失業率は昨年の6.6パーセントから5.4パーセントまで下がってきている。実質所得の成長率は、昨年が0.8パーセントにしか満たなかったのに対し、今年は4パーセントまで伸びている。月収は8.8パーセント増加して27,607ルーブル(約7万5,000円)に達した。10月の平均年金支給額は9,810ルーブル(約2万7,000円) だったとプーチン氏は述べた。

「私たちは出生率が過去20年間で最高であることに特に誇りを感じています」とも語った。「死亡率も過去20年間で最低レベルになっています」。

シリア問題について

 国際問題では、プーチン大統領は継続中のシリアの紛争について触れた。シリア紛争におけるモスクワの立場は、大統領によれば、生活、治安と統治に関する問題は当事者自身の間で調整させるべき、というものだ。
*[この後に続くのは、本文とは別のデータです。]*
Lemma uniq_rel_image (T U : eqType) (R : T -> U -> Prop) (l : seq T) :
  uniq l -> (forall x, x \in l -> exists y, R x y) ->
  (forall x x' y, R x y -> R x' y -> x = x') ->
  exists l' : seq U,
    [/\ uniq l', size l' = size l & forall y, y \in l' -> exists2 x, x \in l & R x y].
Proof.
move=> + R_total R_inj; elim: l R_total => [|x l IHl] R_total /=.
  by exists [::].
case/andP=> x_notin_l /IHl[y y_l|l' [uniq_l' size_l' l'_img]].
  by apply: R_total; rewrite inE y_l orbT.
have [y Rxy] := R_total x (mem_head x l).
exists (y :: l'); split=> /=; first 1 last.
- by rewrite size_l'.
- move=> z; rewrite inE => /predU1P[->|/l'_img[x' x'_l Rx'z]].
    by exists x; rewrite ?mem_head.
  by exists x'; rewrite // inE x'_l orbT.
rewrite uniq_l' andbT; apply/negP => /l'_img[x' x'_l Rx'y].
by move: x_notin_l; rewrite (R_inj _ _ _ Rxy Rx'y) x'_l.
Qed.

Lemma uniq_pairs_size_le (Q : finType) (T : eqType) (P : T -> Prop) (B : nat)
    (l : seq (Q * T)) :
  (forall s : seq T, uniq s -> (forall x, x \in s -> P x) -> size s <= B) ->
  uniq l -> (forall c, c \in l -> P c.2) -> size l <= #|Q| * B.
Proof.
move=> size_le uniq_l P_l.
have -> : size l = \sum_(q : Q) count (fun c => c.1 == q) l.
  elim: l {uniq_l P_l} => [|c l IHl] /=; first by rewrite big1.
  rewrite big_split /= -IHl (bigD1 c.1) //= eqxx big1 ?add1n ?addn0 // => q.
  by rewrite eq_sym => /negbTE->.
rewrite -sum_nat_const; apply: leq_sum => q _.
rewrite -size_filter -(size_map snd); apply: size_le.
- rewrite map_inj_in_uniq ?filter_uniq // => -[q1 x1] [q2 x2].
  by rewrite !mem_filter /= => /andP[/eqP-> _] /andP[/eqP-> _] ->.
- by move=> x /mapP[c]; rewrite mem_filter => /andP[_ /P_l] + ->.
Qed.

Local Open Scope group_scope.

Section Balls.
Variables (G : groupType) (X : seq G).

Lemma gprodE (w : seq G) : gprod w = \prod_(x <- w) x.
Proof.
suff foldlE g : foldl (@mul G) g w = g * \prod_(x <- w) x by rewrite /gprod foldlE mul1g.
elim: w g => [|y w IHw] g /=; first by rewrite big_nil mulg1.
by rewrite IHw big_cons mulgA.
Qed.

Lemma in_ball_leq m n g : m <= n -> in_ball X m g -> in_ball X n g.
Proof. by move=> le_mn [w [Xw [size_w <-]]]; exists w; rewrite (leq_trans size_w). Qed.

Lemma in_ball1 n : in_ball X n 1.
Proof. by exists [::]. Qed.

Lemma in_ballM m n g h : in_ball X m g -> in_ball X n h -> in_ball X (m + n) (g * h).
Proof.
move=> [v [Xv [size_v <-]]] [w [Xw [size_w <-]]]; exists (v ++ w); split; [|split].
- by move=> y; rewrite mem_cat => /orP[]; [apply: Xv | apply: Xw].
- by rewrite size_cat leq_add.
- by rewrite !gprodE big_cat.
Qed.

Lemma in_ball_seq (s : seq G) : generates X -> exists n, forall g, g \in s -> in_ball X n g.
Proof.
move=> genX; elim: s => [|g s [n ball_s]]; first by exists 0.
have [w [Xw <-]] := genX g.
exists (size w + n) => h; rewrite inE => /predU1P[->|/ball_s].
  by apply: in_ball_leq (leq_addr _ _) _; exists w.
exact/in_ball_leq/leq_addl.
Qed.

End Balls.

Section Computations.
Variables (G : groupType) (Sigma : finType) (A : gautomaton G Sigma).
Implicit Types (c : seq (step A)) (x y : seq Sigma) (q : state A) (cfg : state A * G).

Definition run_end q c : state A := last q [seq s.2.1 | s <- c].

Lemma run_end_cat q c1 c2 : run_end q (c1 ++ c2) = run_end (run_end q c1) c2.
Proof. by rewrite /run_end map_cat last_cat. Qed.

Lemma valid_from_cat q c1 c2 :
  valid_from A q (c1 ++ c2) <-> valid_from A q c1 /\ valid_from A (run_end q c1) c2.
Proof. by elim: c1 q => [|[s [q' m]] c1 IHc1] q /=; rewrite ?IHc1; tauto. Qed.

Lemma comp_word_cat c1 c2 : comp_word A (c1 ++ c2) = comp_word A c1 ++ comp_word A c2.
Proof. by rewrite /comp_word map_cat pmap_cat. Qed.

Lemma comp_register_cat c1 c2 :
  comp_register A (c1 ++ c2) = comp_register A c1 * comp_register A c2.
Proof. by rewrite /comp_register map_cat !gprodE big_cat. Qed.

Lemma comp_word_catP c x y : comp_word A c = x ++ y ->
  exists c1 c2, [/\ c = c1 ++ c2, comp_word A c1 = x & comp_word A c2 = y].
Proof.
elim: c x => [|[[a|] st] c IHc] x.
- by case: x => //= <-; exists [::], [::].
- rewrite /comp_word /=; case: x => [|b x] /=.
    by move=> <-; exists [::], ((Some a, st) :: c).
  case=> -> /IHc[c1 [c2 [-> <- <-]]].
  by exists ((Some b, st) :: c1), c2.
- by case/IHc=> c1 [c2 [-> <- <-]]; exists ((None, st) :: c1), c2.
Qed.

Definition reaches c x cfg :=
  [/\ valid_from A (q0 A) c, comp_word A c = x,
      run_end (q0 A) c = cfg.1 & comp_register A c = cfg.2].

Definition completes cfg y := exists c,
  [/\ valid_from A cfg.1 c, comp_word A c = y,
      accepting (run_end cfg.1 c) & cfg.2 * comp_register A c = 1].

Lemma accepts_cat c x y cfg : reaches c x cfg -> completes cfg y -> accepts A (x ++ y).
Proof.
case=> valid_c <- end_c reg_c [c' [valid_c' <- acc_c' reg_c']].
exists (c ++ c'); split.
- by apply/valid_from_cat; rewrite end_c.
- by rewrite comp_word_cat.
- by rewrite /comp_final -/(run_end _ _) run_end_cat end_c.
- by rewrite comp_register_cat reg_c.
Qed.

Lemma accepting_comp_catP c x y : accepting_comp A (x ++ y) c ->
  exists c1 cfg, [/\ reaches c1 x cfg, size c1 <= size c & completes cfg y].
Proof.
case=> valid_c /comp_word_catP[c1 [c2 [def_c word_c1 word_c2]]] acc_c reg_c.
move: valid_c acc_c reg_c; rewrite def_c => /valid_from_cat[valid_c1 valid_c2] acc_c reg_c.
exists c1, (run_end (q0 A) c1, comp_register A c1); split=> //.
- by rewrite size_cat leq_addr.
- exists c2; split=> //; first by rewrite -run_end_cat.
  by rewrite -comp_register_cat.
Qed.

Lemma multipliers_in_ball (X : seq G) : generates X ->
  exists K, forall q s q' m, (q', m) \in delta q s -> in_ball X K m.
Proof.
move=> genX.
have [K ball_K] := in_ball_seq
  [seq qm.2 | qs <- enum {: state A * option Sigma}, qm <- delta qs.1 qs.2] genX.
exists K => q s q' m qm_in; apply: ball_K; apply/allpairsPdep.
by exists (q, s), (q', m); rewrite mem_enum.
Qed.

Lemma register_in_ball (X : seq G) K q c :
  (forall q s q' m, (q', m) \in delta q s -> in_ball X K m) ->
  valid_from A q c -> in_ball X (K * size c) (comp_register A c).
Proof.
move=> ball_K; elim: c q => [|[s [q' m]] c IHc] q /=; first by rewrite muln0 => _; exact: in_ball1.
case=> qm_in /IHc ball_c; rewrite mulnS /comp_register /= gprodE big_cons -gprodE.
exact: in_ballM (ball_K _ _ _ _ qm_in) ball_c.
Qed.

End Computations.

Notation letter X := (bool * 'I_(size X))%type.

Section WordProblem.
Variables (H : groupType) (X : seq H).

Definition letter_val (l : letter X) : H :=
  if l.1 then nth 1 X l.2 else (nth 1 X l.2)^-1.

Definition letter_inv (l : letter X) : letter X := (~~ l.1, l.2).

Definition word_val (u : seq (letter X)) : H := \prod_(l <- u) letter_val l.

Definition word_problem : language (letter X) := fun u => word_val u = 1.

Definition word_problem_automaton : gautomaton H (letter X) :=
  @GAutomaton H _ unit (fun _ s => if s is Some l then [:: (tt, letter_val l)] else [::])
    tt predT.

Lemma word_problem_in_LG : in_LG H word_problem.
Proof.
exists word_problem_automaton => u; split.
- move=> val_u; exists [seq (Some l, (tt, letter_val l)) | l <- u]; split.
  + by elim: u {val_u} => //= l u valid_u; rewrite mem_seq1.
  + by rewrite /comp_word -map_comp; apply: map_pK.
  + by [].
  + by rewrite /comp_register -map_comp gprodE big_map.
- case=> c [valid_c <- _ reg_c]; rewrite /word_problem -{}reg_c /word_val.
  elim: c valid_c => [|[[l|] [[] m]] c IHc] /=; [by rewrite big_nil | | by case].
  rewrite mem_seq1 => -[/eqP[->] /IHc val_c].
  by rewrite /comp_register /comp_word /= !gprodE !big_cons -gprodE val_c.
Qed.

Lemma in_ball_word n h : in_ball X n h -> exists u, size u <= n /\ word_val u = h.
Proof.
case=> w [Xw [size_w <-]]; suff [u def_w] : exists u, map letter_val u = w.
  by exists u; split; [rewrite -(size_map letter_val) def_w | rewrite -def_w gprodE big_map].
elim: w Xw {size_w} => [|y w IHw] Xw; first by exists [::].
have [u <-] : exists u, map letter_val u = w.
  by apply: IHw => z z_w; apply: Xw; rewrite inE z_w orbT.
have letter_of x : x \in X -> exists i : 'I_(size X), nth 1 X i = x.
  by move=> x_X; exists (Ordinal (etrans (index_mem x X) x_X)); rewrite nth_index.
case: (Xw y (mem_head y w)) => /letter_of[i val_i].
- by exists ((true, i) :: u); rewrite /= /letter_val val_i.
- by exists ((false, i) :: u); rewrite /= /letter_val val_i invgK.
Qed.

Lemma word_problem_inv u : word_problem (u ++ rev (map letter_inv u)).
Proof.
have val_inv l : letter_val (letter_inv l) = (letter_val l)^-1.
  by case: l => -[] i; rewrite /letter_val /= ?invgK.
rewrite /word_problem /word_val big_cat -map_rev big_map.
by rewrite (eq_bigr _ (fun l _ => val_inv l)) prodgV revK; apply: mulgV.
Qed.

End WordProblem.

Arguments word_problem {H} X.
Arguments letter_inv {H X}.

Section TimeBoundedWordProblem.
Variables (G H : groupType) (XG : seq G) (XH : seq H).
Variables (A : gautomaton G (letter XH)) (t : nat -> nat) (K : nat).
Hypothesis recA : recognizes A (word_problem XH).
Hypothesis timeA : weakly_time_bounded A (word_problem XH) t.
Hypothesis ball_K : forall (q : state A) s q' m, (q', m) \in delta q s -> in_ball XG K m.

Definition encodes r (h : H) (cfg : state A * G) := exists u c y,
  [/\ word_val u = h, reaches c u cfg, size c <= r & completes cfg y].

Lemma encodes_inj r h h' cfg : encodes r h cfg -> encodes r h' cfg -> h = h'.
Proof.
case=> u [c [y [<- reach_c _ completes_y]]] [u' [c' [_ [<- reach_c' _ _]]]].
have /recA := accepts_cat reach_c completes_y.
have /recA := accepts_cat reach_c' completes_y.
rewrite /word_problem /word_val !big_cat /= => val_u'y val_uy.
by apply: (@mulIg _ (\prod_(l <- y) letter_val l)); rewrite val_uy val_u'y.
Qed.

Lemma encodes_in_ball r h cfg : encodes r h cfg -> in_ball XG (K * r) cfg.2.
Proof.
case=> u [c [y [_ [valid_c _ _ <-] size_c _]]].
exact: in_ball_leq (leq_mul (leqnn K) size_c) (register_in_ball ball_K valid_c).
Qed.

Lemma encodes_exists n r h : (forall k, k <= n -> t (2 * k) <= r) ->
  in_ball XH n h -> exists cfg, encodes r h cfg.
Proof.
move=> t_le /in_ball_word[u [size_u <-]].
have [c [acc_c size_c]] := timeA (word_problem_inv u).
have [c1 [cfg [reach_c1 le_c1 completes_v]]] := accepting_comp_catP acc_c.
exists cfg, u, c1, (rev (map letter_inv u)); split=> //.
rewrite (leq_trans le_c1) // (leq_trans size_c) //.
by rewrite size_cat size_rev size_map addnn -mul2n t_le.
Qed.

Lemma growth_le_word_problem n r B : (forall k, k <= n -> t (2 * k) <= r) ->
  growth_le XG (K * r) B -> growth_le XH n (#|state A| * B).
Proof.
move=> t_le growthG l uniq_l ball_l.
have [|l' [uniq_l' <- l'_img]] := uniq_rel_image uniq_l _ (@encodes_inj r).
  by move=> h /ball_l; apply: encodes_exists.
apply: uniq_pairs_size_le growthG uniq_l' _ => cfg /l'_img[h _].
exact: encodes_in_ball.
Qed.

End TimeBoundedWordProblem.

Local Close Scope group_scope.

Theorem theorem4p4 (G H : groupType) :
  fg_polynomial_growth G -> fg_exponential_growth H ->
  forall (cs : seq nat) (t : nat -> nat), (forall n, t n <= natpoly cs n) ->
  exists (Sigma : finType) (L : language Sigma),
    in_LG H L /\ ~ in_LG_weak G t L.
Proof.
move=> [XG [genG [c [d growthG]]]] [XH [_ [p [q [N [lt_qp growthH]]]]]] cs t t_le.
exists (letter XH), (word_problem XH); split; first exact: word_problem_in_LG.
case=> A [recA timeA].
have [K ball_K] := multipliers_in_ball A genG.
set S := \sum_(i < size cs) nth 0 cs i.
set C := #|state A| * (c * ((K * S) ^ d + 1)).
have [n [le_Nn lt_n]] := exp_dominates_poly C (size cs * d) N lt_qp.
have [l [uniq_l [ball_l ge_l]]] := growthH n le_Nn.
set Z := (2 * n + 1) ^ size cs.
have t2_le k : k <= n -> t (2 * k) <= S * Z.
  by move=> le_kn; rewrite (leq_trans (t_le _)) // natpoly_le //; lia.
have le_l := growth_le_word_problem recA timeA ball_K t2_le (growthG _) uniq_l ball_l.
have le_C : #|state A| * (c * (K * (S * Z)) ^ d + c) <= C * Z ^ d.
  rewrite mulnA expnMn /C -mulnA leq_mul2l mulnDr muln1 mulnDl mulnA leq_add2l.
  by rewrite leq_pmulr ?orbT // !expn_gt0 addn1.
have := leq_trans ge_l (leq_mul (leqnn (q ^ n)) (leq_trans le_l le_C)).
by rewrite -expnM leqNgt lt_n.
Qed.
 「我々は、アサド政権の運命について懸念はしていません」とプーチン氏は説明した。「現場で何が起きているかは把握しています。一家族が40年間も権力を握ってきたこともわきまえています。いうまでもなく、変革が必要です。しかし、我々は、反政府勢力が権力を掌握した際に、現政権を弾圧するという状況は避けたいのです」。
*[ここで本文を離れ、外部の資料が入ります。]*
(* Let $\mathcal{G}$ be an anonymous polymatrix $N$-player game with common action set $\mathbb{A}$, and let $\bar r^i$ be the functions with $r^i(a^i,a^{-i})=\bar r^i(a^i,\sigma(a^{-i}))$. Let $(\alpha_k)_{k\ge1}$ be any step-size sequence in $(0,1]$ and let $(a_l)_{l\ge0}$ be any sequence of joint actions in $\mathbb{A}^{\otimes N}$. Define, for all $i,j\in[N]$, $\hat\pi^j_0=\mathds{1}\{a^j_0\}$, $\hat\pi^j_k=\hat\pi^j_{k-1}+\alpha_k(\mathds{1}\{a^j_k\}-\hat\pi^j_{k-1})$, and $\hat\mu^i_0=\mathds{1}\{\sigma(a^{-i}_0)\}$, $\hat\mu^i_k=\hat\mu^i_{k-1}+\alpha_k(\mathds{1}\{\sigma(a^{-i}_k)\}-\hat\mu^i_{k-1})$ for $k\ge1$. Then for every $k\ge0$, every agent $i$ and every $a^i\in\mathbb{A}$, $$\bar R^i(a^i,\hat\mu^i_k)=R^i(a^i,\hat\pi^{-i}_k).$$
   Context: A game is polymatrix if for each $i$ there are functions $r^{ij}:\mathbb{A}^i\times\mathbb{A}^j\to\mathbb{R}$, $j\neq i$, with $r^i(a^i,a^{-i})=\sum_{j\neq i}r^{ij}(a^i,a^j)$ for all $a$. Anonymous: common action set $\mathbb{A}$ ($|\mathbb{A}|=n$), each $r^i(a^i,a^{-i})$ invariant under permutations of $a^{-i}$. $\mathds{1}\{y\}$ denotes the basis vector indexed by $y$ (in $\mathbb{R}^n$ for $y\in\mathbb{A}$, in $\mathbb{R}^{|\mathbb{X}|}$ for $y\in\mathbb{X}$). $\sigma(a^{-i}):=\sum_{j\neq i}\mathds{1}\{a^j\}\in\mathbb{X}:=\{\xi\in\mathbb{N}^n:\sum_l\xi_l=N-1\}$. $R^i(a^i,\pi^{-i}):=\sum_{a^{-i}}r^i(a^i,a^{-i})\prod_{j\ne i}\pi^j(a^j)$ and $\bar R^i(a^i,\mu):=\sum_{x\in\mathbb{X}}\bar r^i(a^i,x)\mu(x)$. *)

From HB Require Import structures.
From mathcomp Require Import all_boot all_order all_algebra all_fingroup.
Set Implicit Arguments. Unset Strict Implicit. Unset Printing Implicit Defensive.
Import Order.TTheory GRing.Theory Num.Theory.
Local Open Scope ring_scope.

(* Count vectors xi (occupation numbers of actions) are elements of
   {ffun A -> 'I_N.+1} (each count is at most N); the set X of the paper is
   the subset of those whose counts sum to N - 1. *)

Definition joint (N : nat) (A : finType) := {ffun 'I_N -> A}.
Definition cvec (N : nat) (A : finType) := {ffun A -> 'I_N.+1}.

Definition Xset (N : nat) (A : finType) : {set cvec N A} :=
  [set x : cvec N A | (\sum_(l : A) (x l : nat) == N.-1)%N].

Definition sigma (N : nat) (A : finType) (i : 'I_N) (a : joint N A) : cvec N A :=
  [ffun l : A => inord #|[set j : 'I_N | (j != i) && (a j == l)]|].

Definition polymatrix (R : realFieldType) (N : nat) (A : finType)
  (r : 'I_N -> joint N A -> R) : Prop :=
  exists rij : 'I_N -> 'I_N -> A -> A -> R,
    forall (i : 'I_N) (a : joint N A),
      r i a = \sum_(j : 'I_N | j != i) rij i j (a i) (a j).

(* anonymous game: r^i(a^i, a^{-i}) invariant under permutations of a^{-i},
   i.e. under permutations of the players fixing i *)
Definition anonymous (R : realFieldType) (N : nat) (A : finType)
  (r : 'I_N -> joint N A -> R) : Prop :=
  forall (i : 'I_N) (s : {perm 'I_N}), s i = i ->
    forall a : joint N A, r i [ffun j => a (s j)] = r i a.

Definition Rexp (R : realFieldType) (N : nat) (A : finType)
  (r : 'I_N -> joint N A -> R) (i : 'I_N) (ai : A) (pi : 'I_N -> A -> R) : R :=
  \sum_(b : joint N A | b i == ai) r i b * \prod_(j : 'I_N | j != i) pi j (b j).

Definition Rbar (R : realFieldType) (N : nat) (A : finType)
  (rbar : 'I_N -> A -> cvec N A -> R) (i : 'I_N) (ai : A) (mu : cvec N A -> R) : R :=
  \sum_(x in Xset N A) rbar i ai x * mu x.

Fixpoint pihat (R : realFieldType) (N : nat) (A : finType)
  (alpha : nat -> R) (a : nat -> joint N A) (j : 'I_N) (k : nat) : A -> R :=
  match k with
  | 0 => fun l => ((a 0%N j) == l)%:R
  | k'.+1 => fun l => pihat alpha a j k' l
                 + alpha k * (((a k j) == l)%:R - pihat alpha a j k' l)
  end.

Fixpoint muhat (R : realFieldType) (N : nat) (A : finType)
  (alpha : nat -> R) (a : nat -> joint N A) (i : 'I_N) (k : nat) : cvec N A -> R :=
  match k with
  | 0 => fun x => (sigma i (a 0%N) == x)%:R
  | k'.+1 => fun x => muhat alpha a i k' x
                 + alpha k * ((sigma i (a k) == x)%:R - muhat alpha a i k' x)
  end.

From HB Require Import structures.
From mathcomp Require Import all_boot all_order all_algebra all_fingroup.
From mathcomp Require Import ring.
Import Order.TTheory GRing.Theory Num.Theory.
Local Open Scope ring_scope.

(* Since the game is polymatrix and each pi^j is a probability vector, the
   expectation R^i(a^i, pi^{-i}) collapses to sum_{j <> i} E_{pi^j} r^{ij}(a^i, .),
   which is linear in the family (pi^j)_j, just as bar R^i(a^i, mu) is linear in
   mu. Both estimators follow the same affine update, so by induction it suffices
   to compare the two sides on point masses at a joint action b, where both equal
   r^i(a^i, b^{-i}) = rbar^i(a^i, sigma(b^{-i})). *)

Section AffineUpdate.

Context {R : comPzRingType}.

Lemma sum_mul_indicator {T : finType} (P : pred T) (x0 : T) (f : T -> R) :
  P x0 -> \sum_(x | P x) f x * (x0 == x)%:R = f x0.
Proof.
move=> Px0; rewrite (bigD1 x0) //= eqxx mulr1 big1 ?addr0 // => x /andP [_ hx].
by rewrite eq_sym (negbTE hx) mulr0.
Qed.

Lemma sum_indicator {T : finType} (x0 : T) : \sum_x (x0 == x)%:R = 1 :> R.
Proof.
by rewrite (bigD1 x0) //= eqxx big1 ?addr0 // => x; rewrite eq_sym => /negbTE ->.
Qed.

Lemma sumr_affine {T : finType} (P : pred T) (al : R) (U V : T -> R) :
  \sum_(x | P x) (U x + al * (V x - U x)) =
  \sum_(x | P x) U x + al * (\sum_(x | P x) V x - \sum_(x | P x) U x).
Proof. by rewrite -sumrB mulr_sumr -big_split. Qed.

Lemma mulr_affine (f u v al : R) :
  f * (u + al * (v - u)) = f * u + al * (f * v - f * u).
Proof. by ring. Qed.

End AffineUpdate.

Lemma pihat_sum1 (R : realFieldType) (N : nat) (A : finType)
  (alpha : nat -> R) (a : nat -> joint N A) (j : 'I_N) (k : nat) :
  \sum_c pihat alpha a j k c = 1.
Proof.
elim: k => [|k IH] /=; first exact: sum_indicator.
by rewrite sumr_affine IH sum_indicator subrr mulr0 addr0.
Qed.

Lemma sigma_in_Xset {N : nat} {A : finType} (i : 'I_N) (a : joint N A) :
  sigma i a \in Xset N A.
Proof.
rewrite inE; apply/eqP.
have -> : (\sum_(l : A) (sigma i a l : nat) =
           \sum_(l : A) \sum_(j | (j != i) && (a j == l)) 1)%N.
  apply: eq_bigr => l _; rewrite ffunE inordK; last first.
    by apply: leq_ltn_trans (max_card _) _; rewrite card_ord.
  by rewrite sum1_card cardsE.
rewrite -(partition_big (P := fun j => j != i) a xpredT) // sum1_card.
by rewrite cardC1 card_ord.
Qed.

Lemma sigma_set_own {N : nat} {A : finType} (i : 'I_N) (a : joint N A) (ai : A) :
  sigma i [ffun m => if m == i then ai else a m] = sigma i a.
Proof.
apply/ffunP => l; rewrite !ffunE; congr inord; apply: eq_card => j.
by rewrite !inE ffunE; case: eqP.
Qed.

Section Polymatrix.

Context {R : realFieldType} {N : nat} {A : finType}.
Context {r : 'I_N -> joint N A -> R} {rij : 'I_N -> 'I_N -> A -> A -> R}.
Hypothesis r_polymatrix :
  forall (i : 'I_N) (a : joint N A), r i a = \sum_(j | j != i) rij i j (a i) (a j).

(* The j-th summand is a sum over b of a product of one-player factors [G m (b m)];
   swapping sum and product, every factor other than those of i and j sums to 1. *)
Lemma Rexp_polymatrix (i : 'I_N) (ai : A) (pi : 'I_N -> A -> R) :
  (forall j, \sum_c pi j c = 1) ->
  Rexp r i ai pi = \sum_(j | j != i) \sum_c rij i j ai c * pi j c.
Proof.
move=> pi_sum1; rewrite /Rexp.
under eq_bigr => b /eqP bi do rewrite r_polymatrix bi mulr_suml.
rewrite exchange_big /=; apply: eq_bigr => j ji.
pose G (m : 'I_N) (c : A) : R := if m == i then (c == ai)%:R else
               if m == j then rij i j ai c * pi j c else pi m c.
have Gi c : G i c = (c == ai)%:R by rewrite /G eqxx.
have Gj c : G j c = rij i j ai c * pi j c by rewrite /G (negbTE ji) eqxx.
have Gm m c : m != i -> m != j -> G m c = pi m c.
  by move=> mi mj; rewrite /G (negbTE mi) (negbTE mj).
clearbody G.
have sum_prodG : \sum_(b : joint N A) \prod_m G m (b m) =
   \sum_(b : joint N A | b i == ai) rij i j ai (b j) * \prod_(m | m != i) pi m (b m).
  rewrite [RHS]big_mkcond; apply: eq_bigr => b _.
  rewrite (bigD1 i) //= Gi; case: eqP => _; [rewrite mul1r | by rewrite mul0r].
  rewrite (bigD1 j) //= [in RHS](bigD1 j) //= Gj -mulrA; congr (_ * (_ * _)).
  by apply: eq_bigr => m /andP [mi mj]; rewrite Gm.
rewrite -sum_prodG -(bigA_distr_bigA G) /= (bigD1 i) //= (bigD1 j) //=.
rewrite (eq_bigr _ (fun c _ => Gi c)) (eq_bigr _ (fun c _ => Gj c)).
rewrite [X in _ * (_ * X)]big1 => [|m /andP [mi mj]]; last first.
  by rewrite (eq_bigr _ (fun c _ => Gm m c mi mj)); exact: pi_sum1.
under [X in X * _]eq_bigr do rewrite eq_sym.
by rewrite sum_indicator mul1r mulr1.
Qed.

Context {rbar : 'I_N -> A -> cvec N A -> R}.
Hypothesis r_rbar : forall (i : 'I_N) (a : joint N A), r i a = rbar i (a i) (sigma i a).

Lemma polymatrix_rbar (i : 'I_N) (ai : A) (b : joint N A) :
  \sum_(j | j != i) rij i j ai (b j) = rbar i ai (sigma i b).
Proof.
set b' := [ffun m => if m == i then ai else b m].
have b'i : b' i = ai by rewrite ffunE eqxx.
rewrite -(sigma_set_own i b ai) -/b' -{2}b'i -r_rbar r_polymatrix b'i.
by apply: eq_bigr => j ji; rewrite ffunE (negbTE ji).
Qed.

End Polymatrix.

Theorem lemma3 (R : realFieldType) (N : nat) (A : finType)
  (r : 'I_N -> joint N A -> R)
  (rbar : 'I_N -> A -> cvec N A -> R)
  (Hpoly : polymatrix r) (Hanon : anonymous r)
  (Hrbar : forall (i : 'I_N) (a : joint N A), r i a = rbar i (a i) (sigma i a))
  (alpha : nat -> R)
  (Halpha : forall k : nat, (0 < k)%N -> 0 < alpha k <= 1)
  (a : nat -> joint N A) :
  forall (k : nat) (i : 'I_N) (ai : A),
    Rbar rbar i ai (muhat alpha a i k) = Rexp r i ai (fun j => pihat alpha a j k).
Proof.
move=> k i ai; case: Hpoly => rij Hr.
rewrite /Rbar (Rexp_polymatrix Hr) => [|j]; last exact: pihat_sum1.
have Rbar_point b :
    \sum_(x in Xset N A) rbar i ai x * (sigma i b == x)%:R = rbar i ai (sigma i b).
  exact: sum_mul_indicator (sigma_in_Xset i b).
have Rexp_point (b : joint N A) :
    \sum_(j | j != i) \sum_c rij i j ai c * (b j == c)%:R = rbar i ai (sigma i b).
  rewrite -(polymatrix_rbar Hr Hrbar); apply: eq_bigr => j _.
  exact: (sum_mul_indicator xpredT).
elim: k => [|k IH] /=; first by rewrite Rbar_point Rexp_point.
under eq_bigr do rewrite (@mulr_affine R).
rewrite sumr_affine IH Rbar_point.
under eq_bigr do (under eq_bigr do rewrite (@mulr_affine R); rewrite sumr_affine).
by rewrite sumr_affine Rexp_point.
Qed.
大統領は、ロシアの対中関係における肯定的な動向についても強調した。「信頼と協調において、ロシアと中国の関係は、これまでにないほど高いレベルに到達しています」とプーチン氏は指摘した。

「ホドルコフスキー氏はいずれ釈放されるだろう」

 最後にプーチン大統領は、拘留中の元石油王ミハイル・ホドルコフスキー氏の将来に関するやっかいな質問にも答えなければならなかった。

「法律に基づいて何もかもが順調に進めば、ミハイル・ボリーソヴィチ・[ホドルコフスキー]氏はいずれ釈放されると確信しています」と大統領は述べた。

モスクワ市裁判所のドミートリ・フォーミン裁判官は、木曜日の法廷で、13年の禁固刑を受刑中のホドルコフスキー氏の判決を11年に減刑するという判決を下した。その結果、ホドルコフスキー氏は2014年10月に釈放される予定である。